Task objective ▸ Search the entries below for "rewrite" and copy each matching line.

Dataset records ▸
◇ ◇ ◇ ◇ ◇ ◇ ◇

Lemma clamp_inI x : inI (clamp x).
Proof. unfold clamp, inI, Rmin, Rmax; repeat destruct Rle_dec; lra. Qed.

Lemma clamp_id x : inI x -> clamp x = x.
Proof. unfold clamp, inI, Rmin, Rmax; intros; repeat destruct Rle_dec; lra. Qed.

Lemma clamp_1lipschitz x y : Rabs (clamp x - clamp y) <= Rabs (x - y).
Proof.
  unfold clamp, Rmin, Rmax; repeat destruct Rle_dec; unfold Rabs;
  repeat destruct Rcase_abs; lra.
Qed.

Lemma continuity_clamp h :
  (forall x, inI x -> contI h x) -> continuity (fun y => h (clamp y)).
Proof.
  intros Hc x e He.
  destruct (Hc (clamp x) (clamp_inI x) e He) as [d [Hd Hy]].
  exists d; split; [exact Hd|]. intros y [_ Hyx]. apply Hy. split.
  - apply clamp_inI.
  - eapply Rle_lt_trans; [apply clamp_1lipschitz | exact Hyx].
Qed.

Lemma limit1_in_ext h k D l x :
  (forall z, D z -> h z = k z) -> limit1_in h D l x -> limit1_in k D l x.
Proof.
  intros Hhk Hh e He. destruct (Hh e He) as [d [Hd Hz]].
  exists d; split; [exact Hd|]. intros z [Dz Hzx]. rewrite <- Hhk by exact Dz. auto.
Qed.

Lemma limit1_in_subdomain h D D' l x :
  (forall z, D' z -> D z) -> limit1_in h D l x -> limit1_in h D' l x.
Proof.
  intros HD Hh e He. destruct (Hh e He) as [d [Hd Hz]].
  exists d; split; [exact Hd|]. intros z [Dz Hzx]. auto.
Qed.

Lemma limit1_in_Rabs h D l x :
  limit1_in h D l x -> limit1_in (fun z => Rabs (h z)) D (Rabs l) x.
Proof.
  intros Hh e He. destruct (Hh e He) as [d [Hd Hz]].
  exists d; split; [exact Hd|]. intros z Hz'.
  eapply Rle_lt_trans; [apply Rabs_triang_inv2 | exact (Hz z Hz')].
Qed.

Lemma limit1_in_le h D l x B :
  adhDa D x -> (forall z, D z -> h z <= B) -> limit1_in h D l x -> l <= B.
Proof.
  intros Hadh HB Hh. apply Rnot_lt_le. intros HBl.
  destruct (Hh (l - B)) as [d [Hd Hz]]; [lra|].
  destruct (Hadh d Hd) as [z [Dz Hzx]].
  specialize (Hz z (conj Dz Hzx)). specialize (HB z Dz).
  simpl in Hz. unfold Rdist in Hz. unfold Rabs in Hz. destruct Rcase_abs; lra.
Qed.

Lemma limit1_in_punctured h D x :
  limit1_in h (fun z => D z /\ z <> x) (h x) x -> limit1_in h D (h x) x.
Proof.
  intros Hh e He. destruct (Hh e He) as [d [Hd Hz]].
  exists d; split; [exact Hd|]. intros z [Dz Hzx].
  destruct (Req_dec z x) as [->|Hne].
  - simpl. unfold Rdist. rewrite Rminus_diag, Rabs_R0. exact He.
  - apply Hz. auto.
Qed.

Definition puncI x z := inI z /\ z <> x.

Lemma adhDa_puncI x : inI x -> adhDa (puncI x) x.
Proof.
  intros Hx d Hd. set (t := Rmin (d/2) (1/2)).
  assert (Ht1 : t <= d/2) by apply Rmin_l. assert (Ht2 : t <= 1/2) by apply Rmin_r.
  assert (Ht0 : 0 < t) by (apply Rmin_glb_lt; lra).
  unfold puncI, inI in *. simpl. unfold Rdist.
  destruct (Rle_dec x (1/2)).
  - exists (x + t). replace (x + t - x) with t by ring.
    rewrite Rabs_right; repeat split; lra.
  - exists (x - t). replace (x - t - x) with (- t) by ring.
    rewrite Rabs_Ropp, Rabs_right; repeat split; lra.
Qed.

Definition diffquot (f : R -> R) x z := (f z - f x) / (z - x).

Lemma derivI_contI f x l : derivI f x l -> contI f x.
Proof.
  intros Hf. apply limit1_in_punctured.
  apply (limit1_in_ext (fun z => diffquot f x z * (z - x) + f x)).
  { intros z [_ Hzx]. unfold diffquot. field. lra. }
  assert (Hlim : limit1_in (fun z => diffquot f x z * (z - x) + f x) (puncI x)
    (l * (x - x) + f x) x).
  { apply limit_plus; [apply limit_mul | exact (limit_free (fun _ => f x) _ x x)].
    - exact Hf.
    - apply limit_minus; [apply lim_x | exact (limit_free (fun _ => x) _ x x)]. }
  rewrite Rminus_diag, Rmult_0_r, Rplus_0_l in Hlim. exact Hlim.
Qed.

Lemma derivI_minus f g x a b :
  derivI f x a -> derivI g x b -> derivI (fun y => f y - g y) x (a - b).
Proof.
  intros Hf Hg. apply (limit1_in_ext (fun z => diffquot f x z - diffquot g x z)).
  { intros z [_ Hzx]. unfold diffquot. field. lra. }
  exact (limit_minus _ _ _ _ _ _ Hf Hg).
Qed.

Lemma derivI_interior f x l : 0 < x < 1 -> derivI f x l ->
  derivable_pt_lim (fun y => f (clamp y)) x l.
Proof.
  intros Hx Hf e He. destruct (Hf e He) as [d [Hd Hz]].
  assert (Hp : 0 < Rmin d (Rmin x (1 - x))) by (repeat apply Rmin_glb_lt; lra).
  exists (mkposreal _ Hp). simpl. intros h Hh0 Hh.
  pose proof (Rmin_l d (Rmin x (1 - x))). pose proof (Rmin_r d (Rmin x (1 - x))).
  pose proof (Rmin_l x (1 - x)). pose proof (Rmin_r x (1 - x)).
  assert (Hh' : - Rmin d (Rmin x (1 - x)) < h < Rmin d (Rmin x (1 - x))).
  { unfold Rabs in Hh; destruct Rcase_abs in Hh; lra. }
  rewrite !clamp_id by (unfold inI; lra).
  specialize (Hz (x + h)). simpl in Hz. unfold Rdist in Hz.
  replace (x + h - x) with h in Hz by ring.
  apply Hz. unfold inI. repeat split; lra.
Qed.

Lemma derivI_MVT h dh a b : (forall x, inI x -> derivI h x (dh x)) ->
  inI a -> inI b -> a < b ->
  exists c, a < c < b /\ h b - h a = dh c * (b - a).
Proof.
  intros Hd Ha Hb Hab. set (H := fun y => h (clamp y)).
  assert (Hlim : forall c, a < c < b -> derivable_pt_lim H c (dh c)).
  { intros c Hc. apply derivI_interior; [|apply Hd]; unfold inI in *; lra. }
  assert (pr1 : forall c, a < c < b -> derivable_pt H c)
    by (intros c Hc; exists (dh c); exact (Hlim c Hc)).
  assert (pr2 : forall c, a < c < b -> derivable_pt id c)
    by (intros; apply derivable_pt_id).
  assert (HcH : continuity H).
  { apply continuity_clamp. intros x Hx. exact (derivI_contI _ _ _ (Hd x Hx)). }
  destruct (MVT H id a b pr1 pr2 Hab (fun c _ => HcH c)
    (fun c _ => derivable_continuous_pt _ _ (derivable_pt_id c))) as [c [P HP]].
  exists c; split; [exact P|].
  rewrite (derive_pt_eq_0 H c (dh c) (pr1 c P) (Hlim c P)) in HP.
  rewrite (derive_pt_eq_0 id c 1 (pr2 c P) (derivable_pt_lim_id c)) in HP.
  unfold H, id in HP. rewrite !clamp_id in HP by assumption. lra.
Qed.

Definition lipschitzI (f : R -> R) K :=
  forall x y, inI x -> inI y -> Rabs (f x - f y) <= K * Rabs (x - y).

◇ ◇ ◇ ◇ ◇ ◇ ◇

Solution to the exercise ▸
  exists d; split; [exact Hd|]. intros z [Dz Hzx]. rewrite <- Hhk by exact Dz. auto.
  - simpl. unfold Rdist. rewrite Rminus_diag, Rabs_R0. exact He.
    rewrite Rabs_right; repeat split; lra.
    rewrite Rabs_Ropp, Rabs_right; repeat split; lra.
  rewrite Rminus_diag, Rmult_0_r, Rplus_0_l in Hlim. exact Hlim.
  rewrite !clamp_id by (unfold inI; lra).
  rewrite (derive_pt_eq_0 H c (dh c) (pr1 c P) (Hlim c P)) in HP.
  rewrite (derive_pt_eq_0 id c 1 (pr2 c P) (derivable_pt_lim_id c)) in HP.
  unfold H, id in HP. rewrite !clamp_id in HP by assumption. lra.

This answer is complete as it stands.